AIM OF THE TASK
From the data below, please reproduce exactly everything from the line that contains "Proof. by rewrite /dotv big_ord_recl. Qed." down to the line that contains "Proof. by move=>", with both ends included.

AVAILABLE DATA
Definition consv n (x : R) (t : 'I_n -> R) : vec n :=
  fun j => if unlift ord0 j is Some i then t i else x.

Lemma consv0 n (x : R) (t : 'I_n -> R) : consv x t ord0 = x.
Proof. by rewrite /consv unlift_none. Qed.

Lemma tailv_consv n (x : R) (t : 'I_n -> R) : tailv (consv x t) = t.
Proof. by apply: functional_extensionality => i; rewrite /tailv /consv liftK. Qed.

Lemma dotv_basisv n (j : 'I_n.+1) (w : vec n) : dotv (basisv j) w = w j.
Proof. by rewrite /dotv (bigD1 j) //= /basisv eqxx big1 => [|k /negbTE ->] /=; ring. Qed.

Lemma dotv_unitv n (w : vec n) : dotv (unitv n) w = w ord0.
Proof. exact: dotv_basisv. Qed.

Lemma dotv_linl n (u u' w : vec n) (a b : R) :
  dotv (fun k => a * u k + b * u' k) w = a * dotv u w + b * dotv u' w.
Proof. by rewrite /dotv !big_distrr -big_split; apply: eq_bigr => k _ /=; ring. Qed.

Lemma dotv_scaler n (e w : vec n) (lam : R) :
  dotv e (fun i => lam * w i) = lam * dotv e w.
Proof. by rewrite /dotv big_distrr; apply: eq_bigr => k _ /=; ring. Qed.

Lemma dotv_cons n (u w : vec n) : dotv u w = u ord0 * w ord0 + dotr (tailv u) (tailv w).
Proof. by rewrite /dotv big_ord_recl. Qed.

Section StateSpace.
Variables (n : nat) (Om : vec n -> Prop).
Hypothesis HOm : state_space Om.

Lemma state_ord0 (w : vec n) : Om w -> w ord0 = 1.
Proof. by case: HOm => K [_ [_ [_ HK]]] /HK []. Qed.

Lemma state_exists : exists w, Om w.
Proof.
case: HOm => K [_ [_ [[r Kr] HK]]]; exists (consv 1 r).
by apply/HK; rewrite consv0 -[fun i => _]/(tailv (consv 1 r)) tailv_consv.
Qed.

Lemma unitv_effect : effect Om (unitv n).
Proof. by move=> w Hw; rewrite dotv_unitv state_ord0 //; lra. Qed.

Lemma state_space_dual (w : vec n) : w ord0 = 1 ->
  (forall e, effect Om e -> 0 <= dotv e w) -> Om w.
Proof.
move=> w0 wpos; case: HOm => K [[Kcl Kbd] [Kcv [Kne HK]]].
apply/HK; split=> //; apply: NNPP => Kw.
have [a [beta [Ka aw]]] := strict_separation Kcl Kbd Kcv Kne Kw.
have [M KM] := Kbd.
pose B := Rabs beta + \big[Rplus/0]_(i < n) (Rabs (a i) * M).
have gap s : K s -> 0 < beta - dotr a s <= B.
  move=> Ks; split; first by have := Ka s Ks; lra.
  have := dotr_bound a (KM s Ks); have := Rle_abs beta.
  by have := Rle_abs (- dotr a s); rewrite Rabs_Ropp; rewrite /B; lra.
have B0 : 0 <= B by case: Kne => s /gap; lra.
(* The separating functional, rescaled so that it takes values in [0, 1] on Om *)
pose c := / (B + 1).
have cB : c * (B + 1) = 1 by rewrite /c; field; lra.
have c0 : 0 < c by apply: Rinv_0_lt_compat; lra.
pose e := consv (c * beta) (fun i => - c * a i).
have dotv_e w' : dotv e w' = c * (beta * w' ord0 - dotr a (tailv w')).
  by rewrite dotv_cons /e consv0 tailv_consv dotr_scalel; ring.
have : effect Om e.
  move=> w' /HK [w'0 Kw']; have := gap _ Kw'.
  by rewrite dotv_e w'0 /tailv => g; split; nra.
by move/wpos; rewrite dotv_e w0; rewrite /tailv; nra.
Qed.

Lemma coordinate_effect : exists c, 0 < c /\ forall (i : 'I_n) (s : R), Rabs s <= 1 ->
  effect Om (fun k => / 2 * unitv n k + s * c * basisv (lift ord0 i) k).
Proof.
case: HOm => K [[_ [M KM]] [_ [_ HK]]].
pose c := / (2 * (Rabs M + 1)).
have c0 : 0 < c by apply: Rinv_0_lt_compat; have := Rabs_pos M; lra.
have cM : c * (2 * (Rabs M + 1)) = 1 by rewrite /c; field; have := Rabs_pos M; lra.
exists c; split=> // i s s1 w /[dup] /HK [w0 Kw] Hw.
rewrite dotv_linl dotv_unitv dotv_basisv w0.
have wM : Rabs (w (lift ord0 i)) <= Rabs M by apply: Rle_trans (KM _ Kw i) (Rle_abs M).
have /Rabs_le_bounds : Rabs (s * c * w (lift ord0 i)) <= 1 * c * Rabs M.
  rewrite !Rabs_mult (Rabs_pos_eq c); last lra.
  apply: Rmult_le_compat; [|apply: Rabs_pos|apply: Rmult_le_compat_r|] => //; try lra.
  by apply: Rmult_le_pos; [apply: Rabs_pos | lra].
by split; nra.
Qed.

Lemma effect_positive_cone (v : vec n) : (forall e, effect Om e -> 0 <= dotv e v) ->
  exists lam w, 0 <= lam /\ Om w /\ v = (fun i => lam * w i).
Proof.
move=> vpos; have v00 : 0 <= v ord0 by rewrite -dotv_unitv; apply/vpos/unitv_effect.
case: (Rle_lt_or_eq_dec _ _ v00) => [v0|v0].
  exists (v ord0), (fun i => / v ord0 * v i); split; [lra|split].
    apply: state_space_dual => [|e He]; first by field; lra.
    by rewrite dotv_scaler; apply: Rmult_le_pos; [apply/Rlt_le/Rinv_0_lt_compat | apply: vpos].
  by apply: functional_extensionality => i; field; lra.
have [w Hw] := state_exists; exists 0, w; split; [lra|split] => //.
have [c [c0 Hc]] := coordinate_effect.
apply: functional_extensionality => j; rewrite Rmult_0_l.
case: (unliftP ord0 j) => [i ->|->]; last by rewrite -v0.
have := vpos _ (Hc i 1 ltac:(rewrite Rabs_R1; lra)).
have := vpos _ (Hc i (-1) ltac:(rewrite Rabs_Ropp Rabs_R1; lra)).
by rewrite !dotv_linl dotv_unitv dotv_basisv -v0 => h1 h2; nra.
Qed.

End StateSpace.

(* (id (x) f) Psi: Alice's unnormalised state after Bob's effect f. *)
Definition contractB nA nB (Psi : mat nA nB) (f : vec nB) : vec nA :=
  fun i => \big[Rplus/0]_(j < nB.+1) (Psi i j * f j).

Lemma dotm_tens nA nB (e : vec nA) (f : vec nB) (Psi : mat nA nB) :
  dotm (tens e f) Psi = dotv e (contractB Psi f).
Proof.
rewrite /dotm /dotv; apply: eq_bigr => i _.
by rewrite /contractB big_distrr; apply: eq_bigr => j _ /=; rewrite /tens; ring.
Qed.

Lemma contractB_applyA nA nB (T : lmap nA) (Psi : mat nA nB) (f : vec nB) :
  contractB (applyA T Psi) f = applyv T (contractB Psi f).
Proof.
apply: functional_extensionality => i; rewrite /contractB /applyA /applyv.
under eq_bigr do rewrite big_distrl /=.
rewrite exchange_big; apply: eq_bigr => k _ /=.
by rewrite big_distrr; apply: eq_bigr => j _ /=; ring.
Qed.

FINISHED EXERCISE
Proof. by rewrite /dotv big_ord_recl. Qed.

Section StateSpace.
Variables (n : nat) (Om : vec n -> Prop).
Hypothesis HOm : state_space Om.

Lemma state_ord0 (w : vec n) : Om w -> w ord0 = 1.
Proof. by case: HOm => K [_ [_ [_ HK]]] /HK []. Qed.

Lemma state_exists : exists w, Om w.
Proof.
case: HOm => K [_ [_ [[r Kr] HK]]]; exists (consv 1 r).
by apply/HK; rewrite consv0 -[fun i => _]/(tailv (consv 1 r)) tailv_consv.
Qed.

Lemma unitv_effect : effect Om (unitv n).
Proof. by move=> w Hw; rewrite dotv_unitv state_ord0 //; lra. Qed.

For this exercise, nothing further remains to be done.